(Dataset records)
== Segment start ==
Lemma sum_expr_from2_le (y : R) N : 0 <= y -> 2 * y <= 1 ->
  \sum_(2 <= k < N) y ^+ k <= 2 * y ^+ 2.
Proof.
move=> y0 y1.
have tail n : \sum_(2 <= k < n.+2) y ^+ k + 2 * y ^+ n.+2 <= 2 * y ^+ 2.
  elim: n => [|n IHn]; first by rewrite big_geq // add0r.
  rewrite big_nat_recr //= [y ^+ n.+3]exprS.
  have := exprn_ge0 n.+2 y0; move: IHn.
  set z := y ^+ n.+2; set A := \sum_(_ <= _ < _) _; nra.
have [N2|/subnKC <-] := leqP N 2; first by rewrite big_geq // mulr_ge0 ?exprn_ge0.
apply: le_trans (tail (N - 3).+1); rewrite lerDl mulr_ge0 ?exprn_ge0 //.
Qed.

Lemma sum_IP_genpowS n (b : S) : \sum_a IP a * genpow n.+1 a b = 0.
Proof.
under eq_bigr do rewrite /= mulr_sumr.
rewrite exchange_big big1 //= => c _.
by under eq_bigr do rewrite mulrA; rewrite -mulr_suml sum_IP_gen mul0r.
Qed.

Lemma sum_IP_trans_series t (b : S) N :
  \sum_a IP a * series (exp_term t a b) N.+1 = IP b.
Proof.
transitivity (\sum_(0 <= k < N.+1) \sum_a IP a * exp_term t a b k).
  by rewrite exchange_big; apply: eq_bigr => a _; rewrite mulr_sumr.
rewrite big_nat_recl // [X in _ + X]big1 ?addr0 => [|k _]; last first.
  under eq_bigr do rewrite /exp_term mulrCA.
  by rewrite -mulr_sumr sum_IP_genpowS mulr0.
rewrite (bigD1 b) //= exp_term0 eqxx mulr1 big1 ?addr0 // => a /negbTE ab.
by rewrite exp_term0 ab mulr0.
Qed.

Lemma law_atE s (b : S) : law_at p s b = IP b.
Proof.
have cvg_law :
    \sum_a IP a * series (exp_term s a b) N @[N --> \oo] --> law_at p s b.
  rewrite /Defs.law_at; apply: (cvg_big add_continuous) => // a _; rewrite transE.
  by apply: cvgMl_tmp; exact: is_cvg_trans_series.
apply: (cvg_unique (@Rhausdorff R) cvg_law); apply: cvg_near_cst; near=> N.
have N1 : (1 <= N)%N by near: N; exact: nbhs_infty_ge.
by rewrite -(prednK N1) sum_IP_trans_series.
Unshelve. all: by end_near.
Qed.

Lemma trans_sub_gen_le t (a b : S) : a != b -> 0 < t ->
  2 * (t * (gen_mass + 1)) <= 1 ->
  `|trans t a b - t * gen a b| <= 2 * (t * (gen_mass + 1)) ^+ 2.
Proof.
move=> ab t0 ty; set y := t * (gen_mass + 1) in ty *.
have y0 : 0 <= y by apply: mulr_ge0; [exact: ltW | rewrite addr_ge0 ?gen_mass_ge0].
have partial_le N : `|series (exp_term t a b) N.+2 - t * gen a b| <= 2 * y ^+ 2.
  rewrite /series /= big_ltn // big_ltn // exp_term0 exp_term1 (negbTE ab).
  rewrite add0r addrAC subrr add0r.
  apply: le_trans (ler_norm_sum _ _ _) (le_trans _ (sum_expr_from2_le N.+2 y0 ty)).
  by apply: ler_sum => k _; apply: norm_exp_term_le; rewrite ltW.
have cvg_dist : `|series (exp_term t a b) N - t * gen a b| @[N --> \oo] -->
                `|trans t a b - t * gen a b|.
  rewrite transE; apply: cvg_norm; apply: (cvgB _ (cvg_cst _)).
  exact: is_cvg_trans_series.
apply: (cvgr_to_le cvg_dist); near=> N.
have N2 : (2 <= N)%N by near: N; exact: nbhs_infty_ge.
by rewrite -(subnK N2) addn2.
Unshelve. all: by end_near.
Qed.

Lemma trans_div_cvg (a b : S) :
  a != b -> trans t a b / t @[t --> 0^'+] --> gen a b.
Proof.
move=> ab; set K := gen_mass + 1.
have K0 : 0 < K by rewrite ltr_wpDl ?gen_mass_ge0.
apply: (@linear_bound_cvg_at_right0 _ _ _ (2 * K ^+ 2) (1 / (2 * K))).
  by rewrite divr_gt0 ?mulr_gt0.
move=> t t0 td.
have ty : 2 * (t * K) <= 1 by move: td; rewrite ler_pdivlMr ?mulr_gt0 // mulrCA.
have -> : trans t a b / t - gen a b = (trans t a b - t * gen a b) / t.
  by field; rewrite gt_eqF.
rewrite normrM normfV (gtr0_norm t0) ler_pdivrMr //.
have -> : 2 * K ^+ 2 * t * t = 2 * (t * K) ^+ 2 by ring.
exact: trans_sub_gen_le.
Qed.

End Semigroup.
Lemma integral_comp_image (g : T -> R) : nu.-integrable setT (EFin \o g) ->
  \int[m]_z (g (p z))%:E = \int[nu]_x (g x)%:E.
Proof.
move=> ig; rewrite -integral_pushforward_image integral_pushforward//.
- exact: measurable_int ig.
- by rewrite preimage_setT; exact: integrable_comp_image.
Qed.

End image_measure.

Lemma integrable_integralEFin d (T : measurableType d) (R : realType)
    (m : {measure set T -> \bar R}) (f : T -> \bar R) :
  m.-integrable setT f -> exists r : R, \int[m]_x f x = r%:E.
Proof.
move=> /(integrable_fin_num measurableT) fin_int.
by exists (fine (\int[m]_x f x)); rewrite fineK.
Qed.

Section is_plus.
Context (R : realType) d1 d2 (X : measurableType d1) (Y : measurableType d2).

Definition gibbs_exponent (psi : Y -> R) (psip : X -> R) (z : X * Y) : R :=
  (psi z.2 - psip z.1)%R.

Lemma measurable_gibbs_exponent psi psip :
  measurable_fun setT psi -> measurable_fun setT psip ->
  measurable_fun setT (gibbs_exponent psi psip).
Proof.
move=> mpsi mpsip; apply: measurable_funB.
- exact: measurableT_comp mpsi measurable_snd.
- exact: measurableT_comp mpsip measurable_fst.
Qed.

Variables (mu : {measure set X -> \bar R})
  (Rxy : {measure set (X * Y)%type -> \bar R}).

Lemma is_plus_integral psi psip (g : X -> \bar R) :
  measurable_fun setT psi -> is_plus mu Rxy psi psip ->
  measurable_fun setT g -> (forall x, 0 <= g x) ->
  \int[Rxy]_z (g z.1 * (expR (gibbs_exponent psi psip z))%:E) = \int[mu]_x g x.
Proof.
move=> mpsi [mpsip hp] mg g0.
transitivity (\int[Rxy]_z (g z.1 * (expR (- psip z.1))%:E * (expR (psi z.2))%:E)).
  by apply: eq_integral => z _; rewrite -muleA -EFinM -expRD addrC.
rewrite (@ge0_integral_transfer _ _ _ _ _ Rxy mu fst (fun z => expR (psi z.2))
  (fun x => expR (psip x)) _ _ _ _ _ _ (fun x => g x * (expR (- psip x))%:E)) //.
- apply: eq_integral => x _.
  by rewrite -muleA -EFinM -expRD addNr expR0 mule1.
- by apply: measurableT_comp => //; exact: measurableT_comp mpsi measurable_snd.
- exact: measurableT_comp.
- by move=> A mA; rewrite -setXT hp.
- apply: emeasurable_funM => //; apply/measurable_EFinP.
  by apply: measurableT_comp => //; exact: measurableT_comp.
- by move=> x; rewrite mule_ge0 ?lee_fin ?expR_ge0.
Qed.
== Segment end ==
WHAT YOU WILL DO —
A verbatim transcription is needed of the lines above, starting at the line with "apply: (cvg_unique (@Rhausdorff" and ending at the line with "have y0 : 0", both included, and of nothing else.

WRITTEN RESPONSE —
apply: (cvg_unique (@Rhausdorff R) cvg_law); apply: cvg_near_cst; near=> N.
have N1 : (1 <= N)%N by near: N; exact: nbhs_infty_ge.
by rewrite -(prednK N1) sum_IP_trans_series.
Unshelve. all: by end_near.
Qed.

Lemma trans_sub_gen_le t (a b : S) : a != b -> 0 < t ->
  2 * (t * (gen_mass + 1)) <= 1 ->
  `|trans t a b - t * gen a b| <= 2 * (t * (gen_mass + 1)) ^+ 2.
Proof.
move=> ab t0 ty; set y := t * (gen_mass + 1) in ty *.
have y0 : 0 <= y by apply: mulr_ge0; [exact: ltW | rewrite addr_ge0 ?gen_mass_ge0].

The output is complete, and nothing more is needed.